Announcing Vertica Version 9.2.1 – Take Analytics Efficiency to the Next Level

Posted May 10, 2019 by Paige Roberts, Vertica Open Source Relations Manager

Passenger balloon floating in blue sky
Photo by Aaron Burden on Unsplash

This week, some very cool things have gone into the newest version of the Vertica Analytics Platform that make your analytics fly and save on your AWS budget. The theme for this release is Improving Vertica in Eon Mode Integration with Amazon S3, and there are a whole bunch of new features designed to do exactly that. But, there are also some great new features in this release for folks who aren’t using Vertica in Eon Mode, or aren’t even on the Cloud. I’m not going to dive into everything, as it’s a pretty extensive list.

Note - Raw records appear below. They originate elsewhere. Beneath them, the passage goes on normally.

(* Let $G$ be a connected graph of order $n\ge 2$. Then $F_c(G)=n-1$ if and only if $G$ is the complete graph $K_n$ (with $n\ge 2$) or the star $K_{1,n-1}$ with $n\ge 4$.
   Context: Forcing process: given a set of initially colored vertices, at each step a colored vertex with exactly one non-colored neighbor forces (colors) that neighbor. A set $S\subseteq V(G)$ is a forcing set if iterating this process from $S$ eventually colors all vertices; it is a connected forcing set if moreover the induced subgraph $G[S]$ is connected. $F_c(G)$, the connected forcing number, is the minimum cardinality of a connected forcing set of $G$. *)

From mathcomp Require Import all_boot.
Set Implicit Arguments. Unset Strict Implicit. Unset Printing Implicit Defensive.

Section Forcing.
Variables (T : finType) (e : rel T).

Definition simple_graph : Prop := symmetric e /\ irreflexive e.

Definition connected_graph : Prop := forall x y : T, connect e x y.

Definition force_step (S : {set T}) : {set T} :=
  S :|: [set w | (w \notin S) &&
          [exists u in S, e u w &&
             [forall y, (e u y && (y \notin S)) ==> (y == w)]]].

(* The final colored set obtained by iterating the forcing process
   (it stabilises after at most #|T| rounds). *)
Definition closure (S : {set T}) : {set T} := iter #|T| force_step S.

Definition forcing_set (S : {set T}) : bool := closure S == [set: T].

Definition induced_connected (S : {set T}) : bool :=
  [forall x in S, forall y in S,
     connect [rel a b | [&& e a b, a \in S & b \in S]] x y].

Definition connected_forcing_set (S : {set T}) : bool :=
  forcing_set S && induced_connected S.

(* F_c(G): minimum cardinality of a connected forcing set
   (the default #|T| is attained by [set: T] for connected G). *)
Definition Fc : nat :=
  \big[minn/#|T|]_(S : {set T} | connected_forcing_set S) #|S|.

Definition is_complete : Prop := forall x y : T, x != y -> e x y.

Definition is_star : Prop :=
  exists c : T, forall x y : T, e x y = (x != y) && ((x == c) || (y == c)).

End Forcing.

From Pilot Require Import Defs.
From mathcomp Require Import all_boot order zify.
Set Implicit Arguments. Unset Strict Implicit. Unset Printing Implicit Defensive.

(* Every connected graph has a non-cut vertex (one farthest from a root), and
   the other n - 1 vertices form a connected forcing set.
   The complement of {a, b} is a connected forcing set of size n - 2 as soon as
   G - {a, b} is connected and some other vertex u is adjacent to a but not to
   b: u forces a, after which b is the only uncolored vertex.  Such a, b, u
   exist unless G is complete or a star with n >= 4.  If no vertex dominates,
   take a non-cut vertex a, a neighbor u of a, and b farthest from u in G - a;
   as u does not dominate, b is not adjacent to u.  If r dominates, G - {a, b}
   is connected whenever a, b <> r, and a non-edge xy of G - r yields a, b, u
   unless G - r is edgeless, i.e. G is a star (for n = 3, take a = r).
   Conversely, in K_n, and in K_{1,n-1} for sets containing the center, every
   colored vertex sees all or none of the uncolored ones, so a set missing two
   vertices is stuck; a connected set avoiding the center is a single leaf,
   which only forces the center. *)

Section Graph.
Variables (T : finType) (e : rel T).
Hypotheses (esym : symmetric e) (eirr : irreflexive e).
Implicit Types (S X : {set T}) (a b r u w x y z : T).

Lemma edge_neq x y : e x y -> x != y.
Proof. by apply: contraTneq => ->; rewrite eirr. Qed.

Definition induced (S : {set T}) : rel T := [rel x y | [&& e x y, x \in S & y \in S]].

Lemma induced_connect_sym S : connect_sym (induced S).
Proof.
apply: sym_connect_sym => x y; rewrite /induced /= esym.
by case: (x \in S); case: (y \in S); rewrite ?andbF.
Qed.

Lemma induced_connected_connect S x y :
  induced_connected e S -> x \in S -> y \in S -> connect (induced S) x y.
Proof. by move=> /forallP/(_ x)/implyP S_conn /S_conn/forallP/(_ y)/implyP. Qed.

Lemma induced_connected_from S r :
  r \in S -> {in S, forall x, connect (induced S) r x} -> induced_connected e S.
Proof.
move=> rS r_conn; apply/forallP => x; apply/implyP => xS.
apply/forallP => y; apply/implyP => yS; change (connect (induced S) x y).
by apply: (@connect_trans _ _ r); [rewrite induced_connect_sym|]; apply: r_conn.
Qed.

Lemma induced_connected_card_le1 S : #|S| <= 1 -> induced_connected e S.
Proof.
move/card_le1_eqP=> S1; apply/forallP => x; apply/implyP => xS.
by apply/forallP => y; apply/implyP => yS; rewrite (S1 y x yS xS) connect0.
Qed.

Lemma induced_connected_setT : connected_graph e -> induced_connected e setT.
Proof.
move=> conn; apply/forallP => x; apply/implyP => _; apply/forallP => y; apply/implyP => _.
by rewrite (@eq_connect _ _ e) // => u v /=; rewrite !in_setT !andbT.
Qed.

Section Distance.
Variables (P : {set T}) (r : T).
Hypotheses (rP : r \in P) (P_conn : induced_connected e P).

Definition grow (X : {set T}) : {set T} := X :|: [set y in P | [exists x in X, e x y]].

Definition ball k := iter k grow [set r].

Lemma ball_sub k : ball k \subset P.
Proof.
elim: k => [|k IHk]; first by rewrite sub1set.
by rewrite /ball iterS subUset IHk; apply/subsetP => y; rewrite inE => /andP [].
Qed.

Lemma mem_ball_last k x p :
  x \in ball k -> path (induced P) x p -> last x p \in ball (k + size p).
Proof.
elim: p x k => [|z p IHp] x k /=; first by rewrite addn0.
move=> xk /andP [/and3P [exz _ zP] zp]; rewrite addnS -addSn; apply: IHp zp.
by rewrite /ball iterS !inE zP; apply/orP; right; apply/existsP; exists x; rewrite xk.
Qed.

Lemma exists_ball x : exists k, (x \in ball k) || (x \notin P).
Proof.
case xP: (x \in P); last by exists 0; rewrite orbT.
have /connectP [p rp ->] := induced_connected_connect P_conn rP xP.
by exists (0 + size p); rewrite mem_ball_last // inE.
Qed.

(* The breadth-first distance from r inside P; it is 0 outside P. *)
Definition dist x := ex_minn (exists_ball x).

Lemma mem_ball_dist x : x \in P -> x \in ball (dist x).
Proof. by move=> xP; rewrite /dist; case: ex_minnP => k; rewrite xP orbF. Qed.

Lemma dist_min x k : x \in ball k -> dist x <= k.
Proof. by move=> xk; rewrite /dist; case: ex_minnP => m _; apply; rewrite xk. Qed.

Lemma dist_eq0 x : x \in P -> dist x = 0 -> x = r.
Proof. by move=> xP /(congr1 ball) dx; move: (mem_ball_dist xP); rewrite dx inE => /eqP. Qed.

Lemma exists_dist_pred x :
  x \in P -> x != r -> exists y, [/\ y \in P, e y x & dist y < dist x].
Proof.
move=> xP xr; case dx: (dist x) => [|k]; first by rewrite (dist_eq0 xP dx) eqxx in xr.
move: (mem_ball_dist xP); rewrite dx /ball iterS !inE => /orP [xk|].
  by move: (dist_min xk); rewrite dx ltnn.
case/andP => _ /existsP [y /andP [yk eyx]]; exists y; split => //.
  exact: subsetP (ball_sub k) y yk.
by rewrite ltnS dist_min.
Qed.

Lemma dist_le1 x : x \in P -> dist x <= 1 -> (x == r) || e r x.
Proof.
move=> xP dx1; case: (eqVneq x r) => //= xr.
have [y [yP eyx dyx]] := exists_dist_pred xP xr.
have dy0 : dist y = 0 by apply/eqP; rewrite -leqn0 -ltnS (leq_trans dyx dx1).
by rewrite -(dist_eq0 yP dy0).
Qed.

Lemma induced_connected_setD1_farthest b :
  r != b -> {in P, forall x, dist x <= dist b} -> induced_connected e (P :\ b).
Proof.
move=> rb b_far; apply: (@induced_connected_from _ r); first by rewrite !inE rb.
move=> x /setD1P [xb xP]; have [k] := ubnP (dist x).
elim: k x xb xP => // k IHk x xb xP; rewrite ltnS => dxk.
case: (eqVneq x r) => [->|xr]; first exact: connect0.
have [y [yP eyx dyx]] := exists_dist_pred xP xr.
have yb : y != b by apply: contraTneq dyx => ->; rewrite -leqNgt b_far.
apply: connect_trans (IHk y yb yP (leq_trans dyx dxk)) _.
by apply: connect1; rewrite /induced /= !inE eyx xb yb xP yP.
Qed.

Lemma exists_non_cut_vertex : (exists2 w, w \in P & w != r) ->
  exists b, [/\ b \in P, b != r, induced_connected e (P :\ b) &
    (exists2 w, w \in P :\ r & ~~ e r w) -> ~~ e r b].
Proof.
move=> [w0 w0P w0r]; have [b bP b_far] := @arg_maxnP T r (mem P) dist rP.
have {}bP : b \in P := bP.
have br : b != r.
  apply: contraNneq w0r => br; apply/eqP/dist_eq0 => //; apply/eqP.
  by rewrite -leqn0 (leq_trans (b_far _ w0P)) // br dist_min // inE.
exists b; split => //; first by apply: induced_connected_setD1_farthest => //; rewrite eq_sym.
move=> [w /setD1P [wr wP] nrw]; apply/negP => erb.
have db1 : dist b <= 1.
  apply: dist_min; rewrite /ball /= !inE bP; apply/orP; right.
  by apply/existsP; exists r; rewrite inE eqxx.
by move: (dist_le1 wP (leq_trans (b_far _ wP) db1)); rewrite (negbTE wr) (negbTE nrw).
Qed.

End Distance.

Lemma force_step_setT X b w :
  (forall x, x != b -> x \in X) -> e w b -> force_step e X = setT.
Proof.
move=> X_b ewb; apply/setP => x; rewrite /force_step !inE.
case xX: (x \in X) => //=; have xb : x == b by apply: contraFT xX => /X_b.
rewrite (eqP xb); apply/existsP; exists w.
rewrite X_b ?edge_neq // ewb; apply/forallP => y; apply/implyP => /andP [_].
by apply: contraNT => /X_b ->.
Qed.

Lemma force_step_id X :
  {in X, forall u, {in ~: X, forall w, e u w} \/ {in ~: X, forall w, ~~ e u w}} ->
  1 < #|~: X| -> force_step e X = X.
Proof.
move=> all_or_none /card_gt1P [y1 [y2 [y1X y2X y12]]].
apply/setP => w; rewrite /force_step !inE.
case wX: (w \in X) => //=; apply/negbTE/existsPn => u.
apply/negP => /andP [uX /andP [euw /forallP u_forces]].
have wX' : w \in ~: X by rewrite inE wX.
case: (all_or_none u uX) => [u_all|u_none]; last by rewrite (negbTE (u_none w wX')) in euw.
have [y yX yw] : exists2 y, y \in ~: X & y != w.
  by case: (eqVneq y1 w) => [<-|]; [exists y2; rewrite // eq_sym | exists y1].
by move: (u_forces y); rewrite u_all //= -in_setC yX (negbTE yw).
Qed.

Lemma forcing_set_fixed X : forcing_set e X -> force_step e X = X -> X = setT.
Proof. by move=> /eqP <- fX; rewrite /Defs.closure iter_fix. Qed.

Lemma forcing_set_iter X m :
  m <= #|T| -> iter m (force_step e) X = setT -> forcing_set e X.
Proof.
move=> mT Xm; rewrite /forcing_set /Defs.closure -(subnK mT) iterD Xm iter_fix //.
by rewrite /force_step setTU.
Qed.

Lemma forcing_setC1 b w : e w b -> forcing_set e [set~ b].
Proof.
move=> ewb; apply: (@forcing_set_iter _ 1); first by apply/card_gt0P; exists b.
by apply: (force_step_setT (b := b) (w := w)) => // x xb; rewrite !inE.
Qed.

But I want to highlight for you some of the high-flying new capabilities.

Vertica in Eon Mode Usability Enhancements and Faster Performance

First off, for folks using Vertica in Eon Mode on Amazon, we’ve made multiple changes to improve performance and usability, and provide better economics. For example, Amazon S3 provides inexpensive large scale storage, but then charges for access to that data. To optimize for more efficient data writes, we’ve added support for writing to S3 directly, or via a temporary data location.

One of the big differences between Vertica in Eon Mode and Enterprise Mode is that, in general, you add more nodes to Enterprise deployments to speed up query performance. In Eon Mode, you generally add more nodes to expand the number of concurrent queries you can do at once. In this version, we’ve added crunch scaling to Vertica in Eon Mode, so when your existing queries need to go faster, you can add more compute nodes, and they will fly.

Analyzing Statistics by Partition for Optimized Query Execution

Performance improvements aren’t limited to Eon Mode, though. One key improvement allows the analysis of statistics by partition, rather than by whole table. A lot of our customers have extremely large tables, and keeping track of statistics like minimums, maximums, and such for each chunk of that data, so queries only read the relevant chunks, vastly improves query performance. The trouble is, data never stays static, so you constantly have to recalculate those statistics when the data changes. When your tables get really huge, just re-calculating statistics for the whole table becomes a lengthy process. Since, in general, the data that changes most often is the most recent data, we provided the capability to just recalculate statistics on certain partitions, rather than the whole table. That keeps the statistics current and the queries fast and efficient, without taking the time to recalculate statistics for large sections of the data that haven’t changed in a while.

Monitoring Sub-Cluster Activity with Enhanced Management Console

We have added some helpful improvements to the Management Console, as well. Among others, you can now monitor and analyze sub-cluster activity. That should help with keeping better track of deployments where different sub-clusters have been designated for different departments or purposes.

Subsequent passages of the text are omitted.